[Dataset entries]
=== Begin Enclosure ===

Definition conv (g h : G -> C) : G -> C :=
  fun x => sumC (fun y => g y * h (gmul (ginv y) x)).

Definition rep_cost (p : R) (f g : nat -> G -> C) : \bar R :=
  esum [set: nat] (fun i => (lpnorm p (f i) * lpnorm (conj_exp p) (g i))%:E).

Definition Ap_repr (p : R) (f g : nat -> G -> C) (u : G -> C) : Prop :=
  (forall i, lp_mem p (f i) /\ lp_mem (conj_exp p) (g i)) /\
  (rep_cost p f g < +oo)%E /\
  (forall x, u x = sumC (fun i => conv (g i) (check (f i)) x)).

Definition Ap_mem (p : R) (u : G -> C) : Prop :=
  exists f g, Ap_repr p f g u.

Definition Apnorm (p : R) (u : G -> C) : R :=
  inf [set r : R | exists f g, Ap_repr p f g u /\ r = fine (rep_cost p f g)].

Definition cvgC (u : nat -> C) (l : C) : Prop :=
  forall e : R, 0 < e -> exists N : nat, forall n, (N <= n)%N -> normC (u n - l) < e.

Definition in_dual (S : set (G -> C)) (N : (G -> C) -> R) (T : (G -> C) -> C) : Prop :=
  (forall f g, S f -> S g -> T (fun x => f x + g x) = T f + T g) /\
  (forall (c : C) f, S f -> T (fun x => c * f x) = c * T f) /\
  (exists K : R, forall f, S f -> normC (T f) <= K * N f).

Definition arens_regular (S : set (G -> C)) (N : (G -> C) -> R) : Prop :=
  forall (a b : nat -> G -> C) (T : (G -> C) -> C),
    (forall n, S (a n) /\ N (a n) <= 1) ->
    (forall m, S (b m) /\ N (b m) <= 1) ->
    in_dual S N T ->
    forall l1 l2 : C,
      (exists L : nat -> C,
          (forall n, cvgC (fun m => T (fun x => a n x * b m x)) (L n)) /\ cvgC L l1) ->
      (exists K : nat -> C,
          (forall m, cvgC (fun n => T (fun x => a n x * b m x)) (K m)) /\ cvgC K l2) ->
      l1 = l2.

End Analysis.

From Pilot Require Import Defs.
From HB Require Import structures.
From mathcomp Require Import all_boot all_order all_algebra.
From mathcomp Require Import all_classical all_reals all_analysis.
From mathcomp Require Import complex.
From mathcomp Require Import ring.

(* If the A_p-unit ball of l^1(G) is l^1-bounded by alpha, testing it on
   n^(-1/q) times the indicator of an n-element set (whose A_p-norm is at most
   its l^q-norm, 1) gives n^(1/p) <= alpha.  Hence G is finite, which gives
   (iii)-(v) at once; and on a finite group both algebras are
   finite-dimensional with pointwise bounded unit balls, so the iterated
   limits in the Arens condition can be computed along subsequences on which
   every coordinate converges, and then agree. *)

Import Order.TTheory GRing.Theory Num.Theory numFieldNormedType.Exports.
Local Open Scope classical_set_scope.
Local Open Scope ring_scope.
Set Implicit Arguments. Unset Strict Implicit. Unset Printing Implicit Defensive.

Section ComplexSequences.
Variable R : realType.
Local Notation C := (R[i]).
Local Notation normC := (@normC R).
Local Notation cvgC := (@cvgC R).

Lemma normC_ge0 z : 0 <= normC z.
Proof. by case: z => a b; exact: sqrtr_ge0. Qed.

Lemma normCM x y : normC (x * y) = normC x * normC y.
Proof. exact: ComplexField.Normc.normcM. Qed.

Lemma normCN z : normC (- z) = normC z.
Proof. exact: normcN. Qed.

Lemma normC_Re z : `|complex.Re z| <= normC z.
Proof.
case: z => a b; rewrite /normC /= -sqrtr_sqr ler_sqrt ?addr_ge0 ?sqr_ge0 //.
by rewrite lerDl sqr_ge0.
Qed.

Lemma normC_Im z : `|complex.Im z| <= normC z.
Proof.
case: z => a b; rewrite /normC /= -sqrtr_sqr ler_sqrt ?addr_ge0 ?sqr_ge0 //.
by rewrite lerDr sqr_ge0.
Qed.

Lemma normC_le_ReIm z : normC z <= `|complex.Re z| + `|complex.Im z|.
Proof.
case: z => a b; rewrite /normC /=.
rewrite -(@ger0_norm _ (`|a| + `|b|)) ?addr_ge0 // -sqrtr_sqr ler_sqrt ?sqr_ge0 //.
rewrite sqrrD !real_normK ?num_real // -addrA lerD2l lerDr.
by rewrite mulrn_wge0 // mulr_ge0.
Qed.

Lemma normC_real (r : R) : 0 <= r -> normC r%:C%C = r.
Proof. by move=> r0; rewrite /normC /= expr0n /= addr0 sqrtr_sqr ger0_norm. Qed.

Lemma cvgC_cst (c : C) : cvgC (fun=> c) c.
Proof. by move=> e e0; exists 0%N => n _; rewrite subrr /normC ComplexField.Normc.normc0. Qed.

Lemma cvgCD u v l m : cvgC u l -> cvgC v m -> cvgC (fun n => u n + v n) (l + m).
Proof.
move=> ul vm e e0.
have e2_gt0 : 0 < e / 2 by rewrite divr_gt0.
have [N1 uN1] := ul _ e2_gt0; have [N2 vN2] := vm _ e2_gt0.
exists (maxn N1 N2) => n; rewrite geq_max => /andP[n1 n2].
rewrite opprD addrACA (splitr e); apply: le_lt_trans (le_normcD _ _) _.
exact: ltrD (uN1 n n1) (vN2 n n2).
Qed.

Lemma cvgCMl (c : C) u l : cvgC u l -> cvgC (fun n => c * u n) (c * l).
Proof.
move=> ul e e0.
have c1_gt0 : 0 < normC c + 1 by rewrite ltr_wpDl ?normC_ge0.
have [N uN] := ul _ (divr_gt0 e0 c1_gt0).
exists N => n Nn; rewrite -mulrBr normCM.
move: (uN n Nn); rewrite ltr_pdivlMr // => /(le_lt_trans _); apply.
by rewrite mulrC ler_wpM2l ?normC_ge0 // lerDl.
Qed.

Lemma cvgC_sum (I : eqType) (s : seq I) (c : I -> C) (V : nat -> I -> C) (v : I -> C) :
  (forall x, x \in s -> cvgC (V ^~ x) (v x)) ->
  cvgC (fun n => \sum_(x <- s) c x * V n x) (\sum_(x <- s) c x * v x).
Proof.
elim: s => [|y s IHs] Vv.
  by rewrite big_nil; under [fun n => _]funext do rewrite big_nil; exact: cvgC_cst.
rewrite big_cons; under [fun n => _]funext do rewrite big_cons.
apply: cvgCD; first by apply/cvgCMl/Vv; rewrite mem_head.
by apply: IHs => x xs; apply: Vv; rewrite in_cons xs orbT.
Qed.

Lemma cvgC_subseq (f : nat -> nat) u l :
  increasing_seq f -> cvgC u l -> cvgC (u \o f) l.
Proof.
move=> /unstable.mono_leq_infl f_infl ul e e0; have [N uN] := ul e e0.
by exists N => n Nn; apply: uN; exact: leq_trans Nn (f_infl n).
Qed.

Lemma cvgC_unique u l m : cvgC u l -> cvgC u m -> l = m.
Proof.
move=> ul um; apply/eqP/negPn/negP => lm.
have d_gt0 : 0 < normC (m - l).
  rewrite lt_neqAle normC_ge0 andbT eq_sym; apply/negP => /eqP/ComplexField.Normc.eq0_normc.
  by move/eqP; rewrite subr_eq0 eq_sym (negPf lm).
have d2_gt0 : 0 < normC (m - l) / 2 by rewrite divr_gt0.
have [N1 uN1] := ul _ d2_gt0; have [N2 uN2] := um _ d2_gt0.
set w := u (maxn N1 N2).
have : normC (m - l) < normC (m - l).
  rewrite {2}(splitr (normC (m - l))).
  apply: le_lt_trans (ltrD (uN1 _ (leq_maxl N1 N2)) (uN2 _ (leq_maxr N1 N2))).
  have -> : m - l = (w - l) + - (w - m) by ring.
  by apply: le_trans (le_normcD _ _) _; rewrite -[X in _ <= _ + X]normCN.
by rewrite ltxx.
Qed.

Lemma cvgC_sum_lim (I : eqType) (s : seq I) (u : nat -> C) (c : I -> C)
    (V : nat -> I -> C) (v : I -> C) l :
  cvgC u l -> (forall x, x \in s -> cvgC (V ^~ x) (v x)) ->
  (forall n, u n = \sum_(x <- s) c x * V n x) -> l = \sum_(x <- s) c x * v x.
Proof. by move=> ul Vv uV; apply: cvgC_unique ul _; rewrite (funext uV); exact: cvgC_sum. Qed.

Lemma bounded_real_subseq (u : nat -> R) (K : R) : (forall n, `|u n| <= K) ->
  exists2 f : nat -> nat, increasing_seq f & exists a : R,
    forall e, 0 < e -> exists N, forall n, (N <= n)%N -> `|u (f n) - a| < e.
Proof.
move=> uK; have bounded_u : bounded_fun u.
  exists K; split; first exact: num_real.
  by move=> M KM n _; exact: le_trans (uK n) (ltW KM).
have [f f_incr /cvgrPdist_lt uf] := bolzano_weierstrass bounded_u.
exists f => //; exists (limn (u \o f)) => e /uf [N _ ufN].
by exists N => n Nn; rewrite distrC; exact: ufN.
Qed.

=== End Enclosure ===

• [Task to complete] Write out exactly the final stretch of the records: the line containing "by move=> M" and every line after it, through the last, and nothing else.

• [Result for this exercise]
  by move=> M KM n _; exact: le_trans (uK n) (ltW KM).
have [f f_incr /cvgrPdist_lt uf] := bolzano_weierstrass bounded_u.
exists f => //; exists (limn (u \o f)) => e /uf [N _ ufN].
by exists N => n Nn; rewrite distrC; exact: ufN.
Qed.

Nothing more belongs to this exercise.